◆ Work required:
Two lines mark the range in the entries below: the one holding "unfold Rdiv. apply" and the one holding "Lemma sumR_defect_expand N". Set down those two and all lines between them, exactly.

Dataset entries START

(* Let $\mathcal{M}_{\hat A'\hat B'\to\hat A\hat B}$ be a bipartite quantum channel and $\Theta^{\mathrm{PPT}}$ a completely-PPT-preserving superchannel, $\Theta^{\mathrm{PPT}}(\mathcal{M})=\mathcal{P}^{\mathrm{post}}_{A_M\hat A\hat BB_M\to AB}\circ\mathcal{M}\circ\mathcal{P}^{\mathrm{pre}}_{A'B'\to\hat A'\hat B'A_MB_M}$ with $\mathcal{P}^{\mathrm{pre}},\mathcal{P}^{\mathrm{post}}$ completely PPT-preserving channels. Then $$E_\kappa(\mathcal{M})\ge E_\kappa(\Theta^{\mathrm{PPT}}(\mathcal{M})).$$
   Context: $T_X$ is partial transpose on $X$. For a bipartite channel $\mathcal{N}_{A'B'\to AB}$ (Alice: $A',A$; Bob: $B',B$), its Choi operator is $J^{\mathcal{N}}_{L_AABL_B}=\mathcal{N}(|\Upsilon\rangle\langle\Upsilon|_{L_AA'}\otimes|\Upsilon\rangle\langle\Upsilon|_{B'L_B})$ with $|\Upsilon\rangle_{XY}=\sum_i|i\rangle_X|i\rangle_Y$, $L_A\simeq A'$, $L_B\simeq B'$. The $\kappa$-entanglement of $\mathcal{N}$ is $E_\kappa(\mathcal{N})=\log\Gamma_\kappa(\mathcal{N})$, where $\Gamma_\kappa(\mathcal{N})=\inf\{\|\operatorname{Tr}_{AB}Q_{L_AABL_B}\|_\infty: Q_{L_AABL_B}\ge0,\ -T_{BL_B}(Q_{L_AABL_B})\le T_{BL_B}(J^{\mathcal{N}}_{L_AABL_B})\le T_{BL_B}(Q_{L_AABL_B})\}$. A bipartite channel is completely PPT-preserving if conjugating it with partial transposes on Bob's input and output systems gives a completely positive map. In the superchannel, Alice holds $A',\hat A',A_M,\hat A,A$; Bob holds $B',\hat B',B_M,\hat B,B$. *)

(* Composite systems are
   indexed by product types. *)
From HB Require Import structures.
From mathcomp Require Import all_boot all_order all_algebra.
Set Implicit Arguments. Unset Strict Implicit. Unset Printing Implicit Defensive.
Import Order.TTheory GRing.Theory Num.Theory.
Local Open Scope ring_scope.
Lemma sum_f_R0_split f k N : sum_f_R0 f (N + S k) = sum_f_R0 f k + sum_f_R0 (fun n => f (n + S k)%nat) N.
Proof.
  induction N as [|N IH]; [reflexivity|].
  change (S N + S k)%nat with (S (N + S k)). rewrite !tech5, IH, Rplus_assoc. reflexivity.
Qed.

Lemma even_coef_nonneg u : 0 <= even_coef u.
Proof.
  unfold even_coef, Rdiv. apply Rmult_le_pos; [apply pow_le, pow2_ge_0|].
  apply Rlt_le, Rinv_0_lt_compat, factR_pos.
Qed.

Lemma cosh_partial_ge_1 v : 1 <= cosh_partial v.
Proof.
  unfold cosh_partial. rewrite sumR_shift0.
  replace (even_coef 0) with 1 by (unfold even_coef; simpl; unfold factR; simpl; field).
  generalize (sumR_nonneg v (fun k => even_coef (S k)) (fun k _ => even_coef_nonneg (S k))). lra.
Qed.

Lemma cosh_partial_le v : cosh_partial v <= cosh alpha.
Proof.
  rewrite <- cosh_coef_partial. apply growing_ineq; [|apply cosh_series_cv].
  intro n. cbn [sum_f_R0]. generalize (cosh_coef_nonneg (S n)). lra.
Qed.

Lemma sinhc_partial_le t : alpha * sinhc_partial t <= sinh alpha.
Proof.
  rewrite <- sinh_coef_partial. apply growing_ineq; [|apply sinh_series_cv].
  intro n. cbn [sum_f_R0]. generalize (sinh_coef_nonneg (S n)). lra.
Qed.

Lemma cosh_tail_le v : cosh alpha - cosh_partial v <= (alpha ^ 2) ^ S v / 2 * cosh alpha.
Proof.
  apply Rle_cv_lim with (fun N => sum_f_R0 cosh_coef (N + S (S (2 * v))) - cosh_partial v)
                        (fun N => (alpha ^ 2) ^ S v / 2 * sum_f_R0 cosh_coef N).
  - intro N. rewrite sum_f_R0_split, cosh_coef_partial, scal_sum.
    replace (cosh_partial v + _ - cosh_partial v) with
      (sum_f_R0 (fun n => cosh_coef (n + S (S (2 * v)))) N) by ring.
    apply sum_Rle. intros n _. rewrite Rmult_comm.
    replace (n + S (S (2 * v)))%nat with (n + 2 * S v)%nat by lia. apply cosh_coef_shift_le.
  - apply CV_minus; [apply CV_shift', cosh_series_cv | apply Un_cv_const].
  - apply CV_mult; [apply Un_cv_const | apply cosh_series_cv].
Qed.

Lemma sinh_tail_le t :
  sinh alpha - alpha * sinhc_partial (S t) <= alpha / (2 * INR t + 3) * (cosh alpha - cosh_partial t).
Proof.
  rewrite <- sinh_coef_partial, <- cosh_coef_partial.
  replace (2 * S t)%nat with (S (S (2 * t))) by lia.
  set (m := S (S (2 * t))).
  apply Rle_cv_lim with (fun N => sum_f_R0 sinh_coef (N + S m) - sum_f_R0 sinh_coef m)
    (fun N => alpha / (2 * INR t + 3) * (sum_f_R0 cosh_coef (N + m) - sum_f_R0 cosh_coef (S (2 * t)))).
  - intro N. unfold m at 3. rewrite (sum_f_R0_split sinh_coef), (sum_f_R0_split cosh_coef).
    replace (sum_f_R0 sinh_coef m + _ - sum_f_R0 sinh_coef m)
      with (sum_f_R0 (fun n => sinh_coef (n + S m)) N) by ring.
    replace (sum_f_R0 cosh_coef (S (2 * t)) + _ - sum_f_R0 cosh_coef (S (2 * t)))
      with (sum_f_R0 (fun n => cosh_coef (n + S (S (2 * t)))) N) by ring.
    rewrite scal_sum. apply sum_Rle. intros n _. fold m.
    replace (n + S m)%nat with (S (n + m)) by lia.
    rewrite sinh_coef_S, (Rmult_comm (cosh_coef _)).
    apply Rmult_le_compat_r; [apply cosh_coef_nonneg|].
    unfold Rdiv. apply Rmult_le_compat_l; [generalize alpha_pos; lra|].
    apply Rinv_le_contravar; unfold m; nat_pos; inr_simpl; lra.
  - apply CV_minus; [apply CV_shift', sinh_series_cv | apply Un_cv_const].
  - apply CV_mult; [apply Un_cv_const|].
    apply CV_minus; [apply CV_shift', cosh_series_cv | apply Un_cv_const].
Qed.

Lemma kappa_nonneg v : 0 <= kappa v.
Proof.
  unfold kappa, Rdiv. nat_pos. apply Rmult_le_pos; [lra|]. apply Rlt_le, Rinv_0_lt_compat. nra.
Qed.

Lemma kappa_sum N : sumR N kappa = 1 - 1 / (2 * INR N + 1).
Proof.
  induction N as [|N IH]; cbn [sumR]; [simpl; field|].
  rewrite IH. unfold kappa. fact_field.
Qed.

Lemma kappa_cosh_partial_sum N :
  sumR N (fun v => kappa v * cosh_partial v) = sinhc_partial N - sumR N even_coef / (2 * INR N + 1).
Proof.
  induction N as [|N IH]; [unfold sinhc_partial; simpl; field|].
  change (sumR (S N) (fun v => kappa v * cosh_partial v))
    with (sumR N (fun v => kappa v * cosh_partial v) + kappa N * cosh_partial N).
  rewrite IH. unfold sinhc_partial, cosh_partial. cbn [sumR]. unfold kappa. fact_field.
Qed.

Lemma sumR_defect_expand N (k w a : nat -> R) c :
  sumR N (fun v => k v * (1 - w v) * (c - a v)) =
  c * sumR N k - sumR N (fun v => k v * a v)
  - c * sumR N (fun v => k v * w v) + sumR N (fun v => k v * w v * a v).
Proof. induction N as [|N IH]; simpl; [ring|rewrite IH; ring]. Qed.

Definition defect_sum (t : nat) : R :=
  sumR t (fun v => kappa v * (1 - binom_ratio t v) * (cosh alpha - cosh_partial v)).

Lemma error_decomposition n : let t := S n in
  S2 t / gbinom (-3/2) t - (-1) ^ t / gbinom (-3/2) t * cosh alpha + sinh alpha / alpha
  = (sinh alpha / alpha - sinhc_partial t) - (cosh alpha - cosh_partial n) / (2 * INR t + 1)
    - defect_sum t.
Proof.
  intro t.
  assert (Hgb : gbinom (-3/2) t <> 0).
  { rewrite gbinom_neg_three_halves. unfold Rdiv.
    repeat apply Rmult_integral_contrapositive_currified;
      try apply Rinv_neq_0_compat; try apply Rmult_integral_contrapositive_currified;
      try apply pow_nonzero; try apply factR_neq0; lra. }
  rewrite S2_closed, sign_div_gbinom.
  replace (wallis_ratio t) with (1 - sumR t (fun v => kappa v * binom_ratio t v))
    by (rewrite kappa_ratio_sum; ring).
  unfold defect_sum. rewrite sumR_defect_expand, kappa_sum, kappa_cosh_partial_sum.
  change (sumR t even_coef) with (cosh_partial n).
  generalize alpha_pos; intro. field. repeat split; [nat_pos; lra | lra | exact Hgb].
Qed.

Dataset entries END

◆ Result of this task:
    unfold Rdiv. apply Rmult_le_compat_l; [generalize alpha_pos; lra|].
    apply Rinv_le_contravar; unfold m; nat_pos; inr_simpl; lra.
  - apply CV_minus; [apply CV_shift', sinh_series_cv | apply Un_cv_const].
  - apply CV_mult; [apply Un_cv_const|].
    apply CV_minus; [apply CV_shift', cosh_series_cv | apply Un_cv_const].
Qed.

Lemma kappa_nonneg v : 0 <= kappa v.
Proof.
  unfold kappa, Rdiv. nat_pos. apply Rmult_le_pos; [lra|]. apply Rlt_le, Rinv_0_lt_compat. nra.
Qed.

Lemma kappa_sum N : sumR N kappa = 1 - 1 / (2 * INR N + 1).
Proof.
  induction N as [|N IH]; cbn [sumR]; [simpl; field|].
  rewrite IH. unfold kappa. fact_field.
Qed.

Lemma kappa_cosh_partial_sum N :
  sumR N (fun v => kappa v * cosh_partial v) = sinhc_partial N - sumR N even_coef / (2 * INR N + 1).
Proof.
  induction N as [|N IH]; [unfold sinhc_partial; simpl; field|].
  change (sumR (S N) (fun v => kappa v * cosh_partial v))
    with (sumR N (fun v => kappa v * cosh_partial v) + kappa N * cosh_partial N).
  rewrite IH. unfold sinhc_partial, cosh_partial. cbn [sumR]. unfold kappa. fact_field.
Qed.

Lemma sumR_defect_expand N (k w a : nat -> R) c :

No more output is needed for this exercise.